İlk yaptığı işten sosyal duyarlılık ararsa yeterince takipçi bulamayacağını düşündü. Yeterince takipçi yoksa sosyal medya iş yapmanın da bir anlamı olmayacaktı. Bir gününü anlatan vlog çekebilirim diye düşündü. Sonuçta bu vlogda kendisinden iz bulan birileri izleyebilirdi. Ev eşyalarının eski olduğu göz önüne alınırsa geçmişte bu eşyalara sahip olanlar da kendilerini bu videoda bulabilirdi. Belki de dalga geçeceklerdi onunla. Olsun dalga geçseler bile bu izlenme sayısına etki edecekti. Peki ya beklediğinden daha çok linç yerse. Evet bu sosyal medyanın linç denilen bir tarafı da vardı. Çoğunlukla linç denilen şey yayıncılar için bir etkileşim olsa da bazen yayın hayatının bitirilmesine de sebep olabiliyordu.

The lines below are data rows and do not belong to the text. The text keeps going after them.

(* For every integer $n\geq 1$ there exists a non-empty crowded T$_1$ space $Y_n$ that is hereditarily $(n+1)$-irresolvable and has a crowded dense $n$-partition.
   Context: A space is crowded if it has no isolated points; a subset $S$ of $X$ is crowded in $X$ if it has no isolated points as a subspace. A $k$-partition of $X$ is a family of exactly $k$ non-empty, pairwise disjoint subsets (cells) with union $X$; it is dense if each cell is dense in $X$, and crowded if each cell is crowded. A space is $k$-resolvable if it has $k$ pairwise disjoint non-empty dense subsets, $k$-irresolvable otherwise, and hereditarily $k$-irresolvable if every non-empty subspace is $k$-irresolvable. *)

From mathcomp Require Import all_boot all_order all_algebra.
From mathcomp Require Import all_classical all_reals all_analysis.
Set Implicit Arguments. Unset Strict Implicit. Unset Printing Implicit Defensive.
Local Open Scope classical_set_scope.

Section Defs.
Context {T : topologicalType}.

Definition isolated_in (S : set T) (x : T) : Prop :=
  S x /\ exists U : set T, open U /\ U `&` S = [set x].

Definition crowded_in (S : set T) : Prop := forall x, ~ isolated_in S x.

Definition crowded_space : Prop := crowded_in setT.

Definition dense_in (Y D : set T) : Prop :=
  forall U : set T, open U -> U `&` Y !=set0 -> U `&` D !=set0.

Definition resolvable_in (k : nat) (Y : set T) : Prop :=
  exists D : 'I_k -> set T,
    [/\ forall i, D i `<=` Y,
        forall i, D i !=set0,
        forall i j, i != j -> D i `&` D j = set0
      & forall i, dense_in Y (D i)].

Definition hereditarily_irresolvable (k : nat) : Prop :=
  forall Y : set T, Y !=set0 -> ~ resolvable_in k Y.

Definition is_partition (k : nat) (P : 'I_k -> set T) : Prop :=
  [/\ forall i, P i !=set0,
      forall i j, i != j -> P i `&` P j = set0
    & \bigcup_(i in [set: 'I_k]) P i = setT].

Definition crowded_dense_partition (k : nat) (P : 'I_k -> set T) : Prop :=
  [/\ is_partition P, forall i, dense (P i) & forall i, crowded_in (P i)].

End Defs.

From HB Require Import structures.
From mathcomp Require Import all_boot all_order all_algebra.
From mathcomp Require Import all_classical all_reals all_analysis.

Set Implicit Arguments.
Unset Strict Implicit.
Unset Printing Implicit Defensive.
Local Open Scope classical_set_scope.

(* Let U be a free ultrafilter on nat and topologize nat * 'I_n by declaring
   a set open when it is empty or each of its n fibers lies in U.  The rows
   nat * {i} are then dense and crowded, and points are closed since U is
   free.  If a subspace S has a fiber in U, so does each dense subset D of S,
   for otherwise the complement of D would be open and meet S; among n+1
   disjoint dense subsets two would then have a fiber in U at the same index,
   which is impossible.  If no fiber of S is in U, then ~` S `|` [set y] is
   open for every y in S, so S is discrete and not even 2-resolvable. *)

Section Isolated.
Context {T : topologicalType}.

Lemma isolated_inS (S S' : set T) x :
  S `<=` S' -> S x -> isolated_in S' x -> isolated_in S x.
Proof.
move=> sSS' Sx [_ [U [oU US'x]]]; split=> //; exists U; split=> //.
apply/seteqP; split=> [y [Uy Sy]|_ ->].
  by rewrite -US'x; split=> //; exact: sSS'.
by split=> //; have [] : (U `&` S') x by rewrite US'x.
Qed.

Lemma crowded_space_cover (I : Type) (P : I -> set T) :
  \bigcup_(i in setT) P i = setT -> (forall i, crowded_in (P i)) ->
  @crowded_space T.
Proof.
move=> cover crowdedP x isox.
have [i _ Pix] : (\bigcup_(i in setT) P i) x by rewrite cover.
by apply: (crowdedP i x); apply: isolated_inS isox.
Qed.

Lemma dense_in_isolated (S D : set T) y :
  isolated_in S y -> D `<=` S -> dense_in S D -> D y.
Proof.
move=> [Sy [U [oU US]]] DS /(_ U oU) [].
  by exists y; rewrite US.
move=> z [Uz Dz]; have : (U `&` S) z by split=> //; exact: DS.
by rewrite US => <-.
Qed.

Lemma isolated_not_resolvable k (S : set T) y :
  (1 < k)%N -> isolated_in S y -> ~ resolvable_in k S.
Proof.
move=> k_gt1 isoy [D [DS _ Ddisj Ddense]].
pose i0 : 'I_k := Ordinal (ltnW k_gt1); pose i1 : 'I_k := Ordinal k_gt1.
have : (D i0 `&` D i1) y by split; exact: dense_in_isolated isoy (DS _) (Ddense _).
by rewrite Ddisj.
Qed.

End Isolated.

Definition fiber_space (X : choiceType) (F : pfilter_on X) (I : choiceType) :
  Type := (X * I)%type.

Section FiberSpace.
Context {X I : choiceType} (F : pfilter_on X).
Local Notation Y := (fiber_space F I).

HB.instance Definition _ := Choice.on Y.

Definition fiber (U : set Y) (i : I) : set X := [set x | U (x, i)].

Definition fiber_open (U : set Y) : Prop := U = set0 \/ forall i, F (fiber U i).

Lemma fiber_openT : fiber_open setT.
Proof. by right=> i; apply: filterS filterT. Qed.

Lemma fiber_openI : setI_closed fiber_open.
Proof.
move=> A B [->|FA]; first by left; rewrite set0I.
move=> [->|FB]; first by left; rewrite setI0.
by right=> i; apply: filterS (filterI (FA i) (FB i)).
Qed.

Lemma fiber_open_bigU (J : Type) (f : J -> set Y) :
  (forall j, fiber_open (f j)) -> fiber_open (\bigcup_j f j).
Proof.
move=> fo; have [[j [p fjp]]|f0] := pselect (exists j, f j !=set0).
  right=> i; case: (fo j) => [fj0|Ffj]; first by rewrite fj0 in fjp.
  by apply: filterS (Ffj i) => x fjx; exists j.
by left; apply/seteqP; split=> // p [j _ fjp]; apply: f0; exists j, p.
Qed.

HB.instance Definition _ :=
  isOpenTopological.Build Y fiber_openT fiber_openI fiber_open_bigU.

Lemma fiber_openP (U : set Y) : open U <-> fiber_open U.
Proof.
rewrite openE /interior /=; split=> [Uo|fU p Up]; last by exists U; split.
have -> : U = \bigcup_(B : {B : set Y & fiber_open B /\ B `<=` U}) projT1 B.
  apply/seteqP; split; last by move=> p [B _ Bp]; have [_] := projT2 B; apply.
  by move=> p /Uo [B [fB Bp BU]]; exists (existT _ B (conj fB BU)).
by apply: fiber_open_bigU => B; have [] := projT2 B.
Qed.

Lemma fiber_open_nonempty (U : set Y) :
  open U -> U !=set0 -> forall i, F (fiber U i).
Proof. by move=> /fiber_openP [-> []|]. Qed.

Definition row (i : I) : set Y := [set p | p.2 = i].

Lemma dense_row i : dense (row i).
Proof.
move=> U U_neq0 /fiber_open_nonempty /(_ U_neq0 i) /filter_ex [x Ux].
by exists (x, i).
Qed.

Section Free.
Hypothesis F_free : forall x, F (~` [set x]).

Lemma crowded_row i : crowded_in (row i).
Proof.
move=> y [rowy [U [oU Urow]]].
have Uy : U y by have [] : (U `&` row i) y by rewrite Urow.
have FU := fiber_open_nonempty oU (ex_intro _ y Uy) i.
have [x [Ux xy]] := filter_ex (filterI FU (F_free y.1)).
by apply: xy; have : (U `&` row i) (x, i) by []; rewrite Urow => <-.
Qed.

Lemma fiber_space_accessible : @accessible_space Y.
Proof.
move=> x y xy; exists (~` [set y]); split.
- apply/fiber_openP; right=> i; apply: filterS (F_free y.1) => z zy zyi.
  by apply: zy; rewrite -zyi.
- by apply/mem_set => exy; rewrite exy eqxx in xy.
- by apply/mem_set => /(_ erefl).
Qed.

End Free.

Section Ultra.
Context {FU : UltraFilter F}.

Lemma dense_in_fiber (S D : set Y) i :
  F (fiber S i) -> dense_in S D -> exists j, F (fiber D j).
Proof.
move=> FS Ddense; apply: contrapT => noFD.
have FDC j : F (fiber (~` D) j).
  have [FD|//] := in_ultra_setVsetC (fiber D j) FU.
  by case: noFD; exists j.
have [|p [DCp Dp]] := Ddense (~` D) (proj2 (fiber_openP _) (or_intror FDC)).
  by have [x [DCx Sx]] := filter_ex (filterI (FDC i) FS); exists (x, i).
exact: DCp.
Qed.

Lemma isolated_in_of_fibers_notin (S : set Y) y :
  (forall i, ~ F (fiber S i)) -> S y -> isolated_in S y.
Proof.
move=> thinS Sy; split=> //; exists (~` S `|` [set y]); split.
  apply/fiber_openP; right=> i.
  have [FS|FSC] := in_ultra_setVsetC (fiber S i) FU; first by case: (thinS i).
  by apply: filterS FSC => x Sx; left.
by apply/seteqP; split=> [p [[//|->]]|_ ->]; split=> //; right.
Qed.

End Ultra.

End FiberSpace.

Lemma fiber_space_hereditarily_irresolvable (X : choiceType) (F : pfilter_on X)
    (I : finType) k :
  UltraFilter F -> (#|I| < k)%N ->
  @hereditarily_irresolvable (fiber_space F I) k.
Proof.
move=> FU card_lt S [y Sy] resS.
have [[i FS]|thinS] := pselect (exists i, F (fiber S i)); last first.
  have thin i : ~ F (fiber S i) by move=> FSi; apply: thinS; exists i.
  apply: isolated_not_resolvable (isolated_in_of_fibers_notin thin Sy) resS.
  by apply: leq_ltn_trans card_lt; apply/card_gt0P; exists y.2.
have [D [_ _ Ddisj Ddense]] := resS.
have /choice [f Ff] j : exists i, F (fiber (D j) i).
  exact: dense_in_fiber FS (Ddense j).
have /injectivePn [j1 [j2 j12 fj12]] : ~~ injectiveb f.
  by apply/injectiveP => /leq_card; rewrite card_ord leqNgt card_lt.
apply: (@filter_not_empty _ F); apply: filterS (filterI (Ff j1) (Ff j2)).
move=> x [D1x]; rewrite -fj12 => D2x.
by have : (D j1 `&` D j2) (x, f j1) by []; rewrite Ddisj.
Qed.

Lemma row_crowded_dense_partition (X : choiceType) (F : pfilter_on X) k :
  (forall x, F (~` [set x])) -> crowded_dense_partition (@row X 'I_k F).
Proof.
move=> F_free; split; last 2 first.
- exact: dense_row.
- exact: crowded_row.
split.
- by move=> i; have [x _] := filter_ex (@filterT _ F _); exists (x, i).
- move=> i j ij; apply/seteqP; split=> // p [pi pj].
  by rewrite -pi -pj eqxx in ij.
- by apply/seteqP; split=> // p _; exists p.2.
Qed.

Lemma free_ultrafilter_nat :
  exists F : pfilter_on nat, UltraFilter F /\ forall m, F (~` [set m]).
Proof.
have [F [FU evF]] := ultraFilterLemma (@eventually_filter).
exists (PFilterPack F _); split=> // m; apply: evF; exists m.+1 => // p /= mp pm.
by rewrite pm ltnn in mp.
Qed.

Theorem theorem4 (n : nat) (hn : (1 <= n)%N) :
  exists Y : topologicalType,
    [/\ [set: Y] !=set0,
        @crowded_space Y,
        @accessible_space Y,
        @hereditarily_irresolvable Y n.+1
      & exists P : 'I_n -> set Y, crowded_dense_partition P].
Proof.
have [F [FU F_free]] := free_ultrafilter_nat.
have rowsP := row_crowded_dense_partition n F_free.
have [[row_neq0 _ row_cover] _ crowded_rows] := rowsP.
exists (fiber_space F 'I_n); split.
- by have [p _] := row_neq0 (Ordinal hn); exists p.
- exact: crowded_space_cover row_cover crowded_rows.
- exact: fiber_space_accessible.
- by apply: fiber_space_hereditarily_irresolvable; rewrite card_ord.
- exact: ex_intro _ _ rowsP.
Qed.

Bir namaz videosu çekmeyi düşündü Naci. Detaylı hazırlanmış çok fazla yanlışların yapıldığı bir video olabilirdi. Sonrasında ikinci videosu da doğrularını gösterebilirdi. Namaz videosunu kaç kişi izleyecekti ki? Peki ya hangisinin yanlış hangisinin doğru video olduğunu anlamadan birileri hata yaparsa? Zaten sosyal medyadaki ana akım namaz benzeri şeyleri çok kabul etmiyorlardı. En temizi bir gününü çekmesiydi. Önce kısa bir video çekerdi. Bu videoda kendisini olumlu ve olumsuz gözlerle izleyebilirdi. Bir karara varırdı. Neyi nasıl yapacağı konusunu netleştirirdi. Belki de kamera önünde takınması gereken tavırları öğrenmiş olacaktı.

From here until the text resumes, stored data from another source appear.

(* Let $(\mathcal{C},\mathbb{E},\mathfrak{s})$ be an extriangulated category with enough injective objects and let $\mathcal{I}$ be a special precovering ideal of $\mathcal{C}$. Then condition (J) holds for $\mathcal{I}$ if and only if $\mathcal{I}^{\perp_{\mathbb{E}}}$ is an object ideal; and in this case, for any object ideal $\mathcal{J}$ witnessing (J), $\mathcal{I}^{\perp_{\mathbb{E}}}=\langle\mathrm{Ob}(\mathcal{J})\diamond\mathrm{Ob}(\mathbb{E}\text{-}\mathrm{inj})\rangle$.
   Context: An extriangulated category $(\mathcal{C},\mathbb{E},\mathfrak{s})$ (Nakaoka–Palu): additive $\mathcal{C}$, biadditive $\mathbb{E}:\mathcal{C}^{\mathrm{op}}\times\mathcal{C}\to\mathrm{Ab}$, additive realization $\mathfrak{s}$ assigning to each $\delta\in\mathbb{E}(C,A)$ an equivalence class of sequences $A\to B\to C$, forming $\mathbb{E}$-triangles $A\to B\to C\overset{\delta}{\dashrightarrow}$, satisfying (ET1)–(ET4), (ET3)$^{\mathrm{op}}$, (ET4)$^{\mathrm{op}}$. Notation $a_\star\delta=\mathbb{E}(C,a)(\delta)$, $c^\star\delta=\mathbb{E}(c,A)(\delta)$; a morphism of $\mathbb{E}$-triangles is a commuting triple $(a,b,c)$ with $a_\star\delta=c^\star\delta'$. Enough injective objects: every $A$ admits an $\mathbb{E}$-triangle $A\to E\to C\overset{\delta}{\dashrightarrow}$ with $E$ injective ($\mathbb{E}(-,E)=0$). $\mathbb{E}\text{-}\mathrm{inj}$: morphisms $i:A\to Y$ with $i_\star\delta=0$ for all $\delta\in\mathbb{E}(C,A)$; so $\mathrm{Ob}(\mathbb{E}\text{-}\mathrm{inj})$ is the class of injective objects. Ideal: class of morphisms with zeros, closed under sums and two-sided composition. $\mathcal{I}^{\perp_{\mathbb{E}}}=\{g:A\to Y\mid m^\star g_\star\delta=0\ \forall m\in\mathcal{I},\,m:X\to C,\ \forall\delta\in\mathbb{E}(C,A)\}$. For a class $\mathcal{K}$ of morphisms, $\mathrm{Ob}(\mathcal{K})=\{A\mid\mathrm{id}_A\in\mathcal{K}\}$, $\langle\mathcal{K}\rangle$ is the smallest ideal containing $\mathcal{K}$ (for a class of objects, the smallest ideal containing their identities), and $\mathcal{K}$ is an object ideal if $\mathcal{K}=\langle\mathrm{Ob}(\mathcal{K})\rangle$; write $A\in\mathcal{K}$ for $A\in\mathrm{Ob}(\mathcal{K})$. For classes of objects $\mathcal{X},\mathcal{Y}$: $\mathcal{X}\diamond\mathcal{Y}$ is the class of $Z$ admitting an $\mathbb{E}$-triangle $X\to Z\to Y\overset{\delta}{\dashrightarrow}$ with $X\in\mathcal{X}$, $Y\in\mathcal{Y}$. An $\mathcal{I}$-precover of $C$: $i:X\to C$ in $\mathcal{I}$ through which every morphism $X'\to C$ in $\mathcal{I}$ factors. A special $\mathcal{I}$-precover of $C$: $i:X\to C$ in $\mathcal{I}$ with $\mathbb{E}$-triangles $A\to B\to C\overset{\delta}{\dashrightarrow}$, $A'\to X\xrightarrow{i}C\overset{\delta'}{\dashrightarrow}$ and a morphism $(j,b,\mathrm{id}_C)$ between them, $j\in\mathcal{I}^{\perp_{\mathbb{E}}}$; $\mathcal{I}$ is special precovering if every object has one. Condition (J) for an ideal $\mathcal{I}$: there exists an object ideal $\mathcal{J}\subseteq\mathcal{I}^{\perp_{\mathbb{E}}}$ such that every $C\in\mathcal{C}$ admits an $\mathcal{I}$-precover $i:X\to C$ together with an $\mathbb{E}$-triangle $A\to X\xrightarrow{i}C\overset{\delta}{\dashrightarrow}$ with $A\in\mathcal{J}$. *)

From HB Require Import structures.
From mathcomp Require Import all_boot all_algebra.
Set Implicit Arguments. Unset Strict Implicit. Unset Printing Implicit Defensive.
Import GRing.Theory.
Local Open Scope ring_scope.

Record addCat := AddCat {
  ob :> Type;
  hom : ob -> ob -> zmodType;
  comp : forall A B C : ob, hom B C -> hom A B -> hom A C;  (* comp g f = g o f *)
  idm : forall A : ob, hom A A;
  compA : forall A B C D (h : hom C D) (g : hom B C) (f : hom A B),
      comp h (comp g f) = comp (comp h g) f;
  comp1m : forall A B (f : hom A B), comp (idm B) f = f;
  compm1 : forall A B (f : hom A B), comp f (idm A) = f;
  comp_addl : forall A B C (g g' : hom B C) (f : hom A B),
      comp (g + g') f = comp g f + comp g' f;
  comp_addr : forall A B C (g : hom B C) (f f' : hom A B),
      comp g (f + f') = comp g f + comp g f';
  zob : ob;
  zob_id : idm zob = 0;
  bsum : ob -> ob -> ob;
  binl : forall A B, hom A (bsum A B);
  binr : forall A B, hom B (bsum A B);
  bprl : forall A B, hom (bsum A B) A;
  bprr : forall A B, hom (bsum A B) B;
  bprl_inl : forall A B, comp (bprl A B) (binl A B) = idm A;
  bprr_inr : forall A B, comp (bprr A B) (binr A B) = idm B;
  bprl_inr : forall A B, comp (bprl A B) (binr A B) = 0;
  bprr_inl : forall A B, comp (bprr A B) (binl A B) = 0;
  bsum_id : forall A B,
      comp (binl A B) (bprl A B) + comp (binr A B) (bprr A B)
      = idm (bsum A B)
}.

Naci kendinden çok emindi. Bu zamana kadar video çekenlerden bir eksiği yoktu. Neden Naci akranları gibi bu konuda başarılı olmasındı ki? Dışarıdan gelen sesler artmaya başlamıştı. Fakirlikten midir neden bilinmez sürekli mahallesinde kargaşa hakimdi. Belki de daha Naci’nin yaşı ufak olduğu için bunları anlamıyordu. Bu kadar kargaşaya, bu kadar hüzne, bu kadar bağırmaya ne gerek vardı? Evet, feryatlardan anladığı hüzünlü bir durum olmalıydı.

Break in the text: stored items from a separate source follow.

Lemma cartan_eq0 i j : (cartan i j == 0) = (dotp (Phi i) (Phi j) == 0).
Proof. by rewrite cartanE mulf_eq0 (negbTE (lt0r_neq0 (cartan_scale_gt0 i))). Qed.

(* Cauchy-Schwarz is strict because a reduced root system contains no other multiple of a root. *)
Lemma root_cauchy_schwarz_lt i j : Phi j != Phi i -> Phi j != - Phi i ->
  dotp (Phi i) (Phi j) ^+ 2 < dotp (Phi i) (Phi i) * dotp (Phi j) (Phi j).
Proof.
move=> ne_ji ne_opp; have ii_gt0 := dotp_root_gt0 i.
pose t := dotp (Phi i) (Phi j) / dotp (Phi i) (Phi i).
have : Phi j - t *: Phi i != 0.
  apply: contraNneq ne_ji => /eqP; rewrite subr_eq0 => /eqP /root_reduced.
  by case=> [-> //|e]; rewrite e eqxx in ne_opp.
move=> /dotpp_gt0; rewrite dotpBl !dotpBr !dotpZl !dotpZr (dotpC (Phi j)).
have -> : dotp (Phi j) (Phi j) - t * dotp (Phi i) (Phi j) -
          (t * dotp (Phi i) (Phi j) - t * (t * dotp (Phi i) (Phi i))) =
          dotp (Phi j) (Phi j) - dotp (Phi i) (Phi j) ^+ 2 / dotp (Phi i) (Phi i).
  by rewrite /t; field; exact: lt0r_neq0.
by rewrite subr_gt0 ltr_pdivrMr // mulrC.
Qed.

Lemma cartan_mul_lt4 i j : Phi j != Phi i -> Phi j != - Phi i ->
  cartan i j * cartan j i < 4.
Proof.
move=> ne_ji ne_opp; have ii_gt0 := dotp_root_gt0 i; have jj_gt0 := dotp_root_gt0 j.
have -> : cartan i j * cartan j i = 4 * (dotp (Phi i) (Phi j) ^+ 2 /
            (dotp (Phi i) (Phi i) * dotp (Phi j) (Phi j))).
  by rewrite /cartan (dotpC (Phi j)); field; rewrite !lt0r_neq0.
rewrite -[ltRHS]mulr1 ltr_pM2l // ltr_pdivrMr ?mul1r ?mulr_gt0 //.
exact: root_cauchy_schwarz_lt.
Qed.

Lemma root_sub_closed i j : 0 < dotp (Phi i) (Phi j) -> Phi i != Phi j ->
  exists k, Phi k = Phi i - Phi j.
Proof.
move=> ij_gt0 ne_ij.
have ne_opp : Phi j != - Phi i.
  apply: contraTneq ij_gt0 => ->; rewrite dotpNr oppr_gt0 -leNgt ltW //.
  exact: dotp_root_gt0.
have ne_ji : Phi j != Phi i by rewrite eq_sym.
have /intrP[z1 e1] := cartan_int j i; have /intrP[z2 e2] := cartan_int i j.
have z1_gt0 : 0 < z1 by rewrite -(ltr0z R) -e1 cartan_gt0 dotpC.
have z2_gt0 : 0 < z2 by rewrite -(ltr0z R) -e2 cartan_gt0.
have z12_lt4 : z2 * z1 < 4 by rewrite -(ltr_int R) intrM -e1 -e2 cartan_mul_lt4.
have [z1_1|z2_1] : z1 = 1 \/ z2 = 1 by lia.
  have [k hk] := root_refl_closed j i.
  by exists k; rewrite hk reflE e1 z1_1 scale1r.
have [k hk] := root_refl_closed i j; have [k' hk'] := root_opp k.
by exists k'; rewrite hk' hk reflE e2 z2_1 scale1r opprB.
Qed.

Variable Delta : {set 'I_m}.
Hypothesis hDelta : is_simple_system Phi Delta.

Definition coef j : 'I_m -> int := projT1 (cid (hDelta.2 j)).

Lemma coefE j : Phi j = \sum_(s in Delta) (coef j s)%:~R *: Phi s.
Proof. by rewrite /coef; case: cid => c []. Qed.

Lemma coef_sign j : (forall s, 0 <= coef j s) \/ (forall s, coef j s <= 0).
Proof. by rewrite /coef; case: cid => c []. Qed.

Lemma simple_coef_uniq (e e' : 'I_m -> R) :
  \sum_(s in Delta) e s *: Phi s = \sum_(s in Delta) e' s *: Phi s ->
  forall s, s \in Delta -> e s = e' s.
Proof.
move=> ee' s sD; apply/eqP; rewrite -subr_eq0; apply/eqP; move: s sD.
by apply: hDelta.1; under eq_bigr do rewrite scalerBl; rewrite sumrB ee' subrr.
Qed.

Definition height j : R := \sum_(s in Delta) (coef j s)%:~R.

Lemma height_comb k (e : 'I_m -> R) : Phi k = \sum_(s in Delta) e s *: Phi s ->
  height k = \sum_(s in Delta) e s.
Proof.
move=> ek; apply: eq_bigr => s sD.
by apply: (@simple_coef_uniq (fun s => (coef k s)%:~R)) sD; rewrite -ek -coefE.
Qed.

Lemma height_lin k i j x y : Phi k = x *: Phi i + y *: Phi j ->
  height k = x * height i + y * height j.
Proof.
move=> ek; rewrite (@height_comb k (fun s => x * (coef i s)%:~R + y * (coef j s)%:~R)).
  by rewrite big_split /= !mulr_sumr.
rewrite ek (coefE i) (coefE j) !scaler_sumr -big_split /=.
by apply: eq_bigr => s _; rewrite scalerDl !scalerA.
Qed.

Lemma height_opp k i : Phi k = - Phi i -> height k = - height i.
Proof.
by move=> ek; rewrite (@height_lin k i i (-1) 0) ?mulN1r ?mul0r ?addr0 // ek scale0r addr0 scaleN1r.
Qed.

Lemma height_simple s : s \in Delta -> height s = 1.
Proof.
move=> sD; rewrite (@height_comb s (fun t => if t == s then 1 else 0)) ?sum_in_if_eq //.
rewrite -[LHS](sum_in_if_eq (fun t => Phi t) sD).
by apply: eq_bigr => t _; case: eqP; rewrite ?scale1r ?scale0r.
Qed.

Lemma sum_norm_coef j : \sum_(s in Delta) `|(coef j s)%:~R| = `|height j| :> R.
Proof.
case: (coef_sign j) => c_sign.
  rewrite ger0_norm ?sumr_ge0 // => [|s _]; last by rewrite ler0z.
  by apply: eq_bigr => s _; rewrite ger0_norm // ler0z.
rewrite ler0_norm ?sumr_le0 // => [|s _]; last by rewrite lerz0.
by rewrite -sumrN; apply: eq_bigr => s _; rewrite ler0_norm // lerz0.
Qed.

Telefonu nereye koyacağına karar vermeliydi. Telefonu elinde tutup ön kamerayla kendini mi çekmeliydi? Yoksa telefonu sabit bir yere koyarak oradan kendisini mi çekmeliydi? Elbette ki telefonu sabit bir yere koyarsa daha kaliteli görüntü alacaktı. Zaten çok kaliteli bir telefonu yoktu. Öyleyse arka kamerayı kullanmak onun için daha anlamlıydı. İlk elde ettiği gelirle kendisine güzel bir telefon alır daha sonraki videolarında rahat ederdi. Bir an durdu. Acaba önce annesini mi mutlu etmeliydi? Kendisi için bu kadar emek veren annesi daha mı önemli olmalıydı? Naci kararsızlık içerisinde hayallere daldı. Annesine bir bulaşık makinesi alabilirdi. Annesinin ne kadar sevineceğini düşündü! Bunun için işe bir an önce başlaması gerekiyordu. Üzerine telefonu koyup sabitleyebileceği bir şey baktı. Yeniden mahalleden gürültü çıkmadan önce Naci videosunu çekmeye başlamak istiyordu. Bir sehpanın üzerine kitaplarını koydu. Telefonun yeterince sağlam bir şekilde durduğuna kanaat ettiğinde kayıt tuşuna basıp yatağının üzerine oturdu. O esnada şiddetle evin kapısı çalıyordu.

-Naci! Naci! Yavrum acele et! Buradan çıkmamız lazım! Ah benim bahtsız yavrum! Acele et!

O esnada içeride açık olan televizyonda son dakika haberler girmişti:

…İsrail Ordusu Gazze’deki Şifa Hastanesini vurdu…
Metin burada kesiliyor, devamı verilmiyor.